╭─ Provided information

Lemma in_HX v : v \in X <-> is_vertex (p1 v) (p2 v) (p3 v).
Proof.
case: v => [[x1 x2] x3]; rewrite inE /inX /trip /is_vertex /=.
have := ltn_ord x1; have := ltn_ord x3.
move: (nat_of_ord x1) (nat_of_ord x2) (nat_of_ord x3) => a b c a_lt c_lt.
split.
- case/or3P.
  + by case/existsP=> j /andP[j_gt0 /orP[]/eqP[-> -> ->]]; have := ltn_ord j; lia.
  + by case/existsP=> k /orP[]/eqP[-> -> ->]; have := ltn_ord k; lia.
  + by case/eqP=> -> -> ->; lia.
- case=> [[a_range b_eq]|[[a_range [b_eq c_eq]]|[a_range [b_eq c_eq]]]].
  + apply/or3P/Or31/existsP; have j_lt : a < n2.+1 by lia.
    by exists (Ordinal j_lt); rewrite /= !xpair_eqE; lia.
  + apply/or3P/Or32/existsP; have k_lt : a - n2 < n1 - n2 by lia.
    by exists (Ordinal k_lt); rewrite /= !xpair_eqE; lia.
  + have [->|a_neq] := eqVneq a n1; first by apply/or3P/Or33; rewrite !xpair_eqE; lia.
    apply/or3P/Or32/existsP; have k_lt : a - n2 < n1 - n2 by lia.
    by exists (Ordinal k_lt); rewrite /= !xpair_eqE; lia.
Qed.

Lemma is_vertex_bounds a b c : is_vertex a b c -> a <= n1 /\ b <= n1.
Proof. by rewrite /is_vertex; lia. Qed.

Lemma mkv_in_HX a b c : c <= 1 -> is_vertex a b c -> mkv n1 a b c \in X.
Proof.
move=> c_le vabc; have [a_le b_le] := is_vertex_bounds vabc.
by apply/in_HX; rewrite p1_mkv ?p2_mkv ?p3_mkv.
Qed.

Lemma HB_triple (x y z : vtx n1) : x \in X -> y \in X -> z \in X ->
  x != y -> y != z -> x != z -> two_valued (p1 x) (p1 y) (p1 z) ->
  two_valued (p2 x) (p2 y) (p2 z) -> two_valued (p3 x) (p3 y) (p3 z) -> [set x; y; z] \in B.
Proof.
move=> Xx Xy Xz xy yz xz t1 t2 t3; rewrite !inE; apply/orP; left; apply/and5P; split.
- by apply/subsetP => u /setUP[/setUP[]|] /set1P->.
- by rewrite card_set3.
- by rewrite !imsetU !imset_set1 card_set3_eq2.
- by rewrite !imsetU !imset_set1 card_set3_eq2.
- by rewrite !imsetU !imset_set1 card_set3_eq2.
Qed.

Lemma trip_mkv a b c : a <= n1 -> b <= n1 -> c <= 1 -> trip (mkv n1 a b c) = (a, b, c).
Proof. by move=> a_le b_le c_le; rewrite /trip p1_mkv ?p2_mkv ?p3_mkv. Qed.

Lemma mkv_neq a b c a' b' c' :
  a <= n1 -> b <= n1 -> c <= 1 -> a' <= n1 -> b' <= n1 -> c' <= 1 ->
  (a, b, c) != (a', b', c') -> mkv n1 a b c != mkv n1 a' b' c'.
Proof.
move=> *; apply/eqP => /(congr1 (@trip n1)).
by rewrite !trip_mkv // => /eqP; apply/negP.
Qed.

Lemma HB_mkv_triple a b c a' b' c' a'' b'' c'' :
  c <= 1 -> c' <= 1 -> c'' <= 1 ->
  is_vertex a b c -> is_vertex a' b' c' -> is_vertex a'' b'' c'' ->
  (a, b, c) != (a', b', c') -> (a', b', c') != (a'', b'', c'') -> (a, b, c) != (a'', b'', c'') ->
  two_valued a a' a'' -> two_valued b b' b'' -> two_valued c c' c'' ->
  [set mkv n1 a b c; mkv n1 a' b' c'; mkv n1 a'' b'' c''] \in B.
Proof.
move=> c_le c_le' c_le'' v v' v'' d d' d'' t1 t2 t3.
have [a_le b_le] := is_vertex_bounds v.
have [a_le' b_le'] := is_vertex_bounds v'.
have [a_le'' b_le''] := is_vertex_bounds v''.
by apply: HB_triple; rewrite ?mkv_in_HX ?p1_mkv ?p2_mkv ?p3_mkv //; apply: mkv_neq.
Qed.

Local Notation va j := (mkv n1 j j 0).
Local Notation vb j := (mkv n1 j j 1).
Local Notation vc m := (mkv n1 m 1 0).
Local Notation vd m := (mkv n1 m n2 1).

Lemma extra_edge_in_HB : [set va 1; vc n2; va n2] \in B.
Proof. by rewrite !inE eqxx orbT. Qed.

Definition coord1 (v : vtx n1) : 'I_n1.+1 := v.1.1.
Definition coord2 (v : vtx n1) : 'I_n1.+1 := v.1.2.

Definition first_rep i := if i <= n2 then va i else vd i.

Lemma p1_range v : v \in X -> 1 <= p1 v <= n1.
Proof. by move/in_HX; rewrite /is_vertex; lia. Qed.

Lemma p2_range v : v \in X -> 1 <= p2 v <= n2.
Proof. by move/in_HX; rewrite /is_vertex; lia. Qed.

Section StrictColoring.
Variable P : {set {set vtx n1}}.
Hypothesis P_strict : strict_coloring X B P.
Local Notation col := (pblock P).

Local Ltac edge :=
  apply: (strict_coloring_triple P_strict); apply: HB_mkv_triple;
  rewrite /is_vertex /two_valued ?xpair_eqE;
  repeat match goal with H : context [pblock _ _] |- _ => clear H end; lia.

Lemma col_base :
  [&& col (va 1) == col (vb 1), col (va n2) == col (vb n2), col (va 1) != col (va n2) &
      (col (vc n2) == col (va 1)) || (col (vc n2) == col (va n2))].
Proof.
have e1 : two_valued (col (va 1)) (col (vb 1)) (col (va n2)) by edge.
have e2 : two_valued (col (va 1)) (col (vb 1)) (col (vb n2)) by edge.
have e3 : two_valued (col (va 1)) (col (vc n2)) (col (vb n2)) by edge.
have e4 : two_valued (col (va 1)) (col (va n2)) (col (vb n2)) by edge.
have e5 : two_valued (col (vb 1)) (col (vc n2)) (col (va n2)) by edge.
have e6 : two_valued (col (vb 1)) (col (vc n2)) (col (vb n2)) by edge.
have e7 : two_valued (col (vb 1)) (col (va n2)) (col (vb n2)) by edge.
have e8 := strict_coloring_triple P_strict extra_edge_in_HB.
by move: e1 e2 e3 e4 e5 e6 e7 e8; decide_eqs.
Qed.

Lemma col_va_vb j : 1 <= j <= n2 -> col (va j) = col (vb j).
Proof.
move=> j_range; have /and4P[ab1 abN a1N _] := col_base.
have [->|j_neq1] := eqVneq j 1; first exact/eqP.
have [->|j_neqN] := eqVneq j n2; first exact/eqP.
have e1 : two_valued (col (va j)) (col (va 1)) (col (vb 1)) by edge.
have e2 : two_valued (col (va j)) (col (va n2)) (col (vb n2)) by edge.
have e3 : two_valued (col (vb j)) (col (va 1)) (col (vb 1)) by edge.
have e4 : two_valued (col (vb j)) (col (va n2)) (col (vb n2)) by edge.
have e5 : two_valued (col (va j)) (col (vb j)) (col (va 1)) by edge.
by apply/eqP; move: ab1 abN a1N e1 e2 e3 e4 e5; decide_eqs.
Qed.

Lemma col_va_neq i j : 1 <= i <= n2 -> 1 <= j <= n2 -> i != j -> col (va i) != col (va j).
Proof.
move=> i_range j_range ij.
have e : two_valued (col (va i)) (col (va j)) (col (vb j)) by edge.
by move: e; rewrite -col_va_vb //; decide_eqs.
Qed.

Lemma col_by_second : col (vc n2) == col (va 1) -> {in X, forall v, col v = col (va (p2 v))}.
Proof.
move=> cN_a1 v Xv; have /and4P[ab1 abN a1N _] := col_base.
rewrite -[in col v](mkv_coords v); move/in_HX: Xv (ltn_ord v.2).
move: (p1 v) (p2 v) (p3 v) => a b c.
case=> [[a_range ->]|[[a_range [-> ->]]|[a_range [-> ->]]]] c_lt //.
- by case: c c_lt => [|[|//]] _; rewrite // col_va_vb.
- have [->|a_neqN] := eqVneq a n2; first exact/eqP.
  have e1 : two_valued (col (vc a)) (col (vc n2)) (col (vb n2)) by edge.
  have e2 : two_valued (col (vc a)) (col (va n2)) (col (vb n2)) by edge.
  by apply/eqP; move: cN_a1 abN a1N e1 e2; decide_eqs.
- have e1 : two_valued (col (vd a)) (col (va 1)) (col (vb 1)) by edge.
  have e2 : two_valued (col (vd a)) (col (vc n2)) (col (va n2)) by edge.
  by apply/eqP; move: ab1 cN_a1 a1N e1 e2; decide_eqs.
Qed.

Lemma col_kernel_second : col (vc n2) == col (va 1) ->
  {in X &, forall x y, (col x == col y) = (p2 x == p2 y)}.
Proof.
move=> cN_a1 x y Xx Xy; rewrite (col_by_second cN_a1 Xx) (col_by_second cN_a1 Xy).
have [->|neq] := eqVneq (p2 x) (p2 y); first by rewrite !eqxx.
by apply/negbTE/col_va_neq; rewrite ?p2_range.
Qed.

Lemma col_vc_vd m : col (vc n2) == col (va n2) -> n2 < m < n1 -> col (vc m) = col (vd m).
Proof.
move=> cN_aN m_range; have /and4P[ab1 abN a1N _] := col_base.
have e1 : two_valued (col (vc m)) (col (vd m)) (col (va 1)) by edge.
have e2 : two_valued (col (vc m)) (col (vd m)) (col (va n2)) by edge.
have e3 : two_valued (col (vd m)) (col (vc n2)) (col (va n2)) by edge.
have e4 : two_valued (col (vd m)) (col (va 1)) (col (vb 1)) by edge.
by apply/eqP; move: ab1 cN_aN a1N e1 e2 e3 e4; decide_eqs.
Qed.

Lemma col_by_first : col (vc n2) == col (va n2) ->
  {in X, forall v, col v = col (first_rep (p1 v))}.
Proof.
move=> cN_aN v Xv; rewrite -[in col v](mkv_coords v) /first_rep.
move/in_HX: Xv (ltn_ord v.2); move: (p1 v) (p2 v) (p3 v) => a b c.
case=> [[a_range ->]|[[a_range [-> ->]]|[a_range [-> ->]]]] c_lt.
- rewrite ifT; last lia.
  by case: c c_lt => [|[|//]] _ //; rewrite col_va_vb.
- have [->|a_neqN] := eqVneq a n2; first by rewrite leqnn; apply/eqP.
  by rewrite ifF; [apply: col_vc_vd => //; lia | lia].
- by rewrite ifF; [|lia].
Qed.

╰─

→ **Task**: Copy all lines above where "split" is present.

→ **Exercise answer**:
split.
move=> Xx Xy Xz xy yz xz t1 t2 t3; rewrite !inE; apply/orP; left; apply/and5P; split.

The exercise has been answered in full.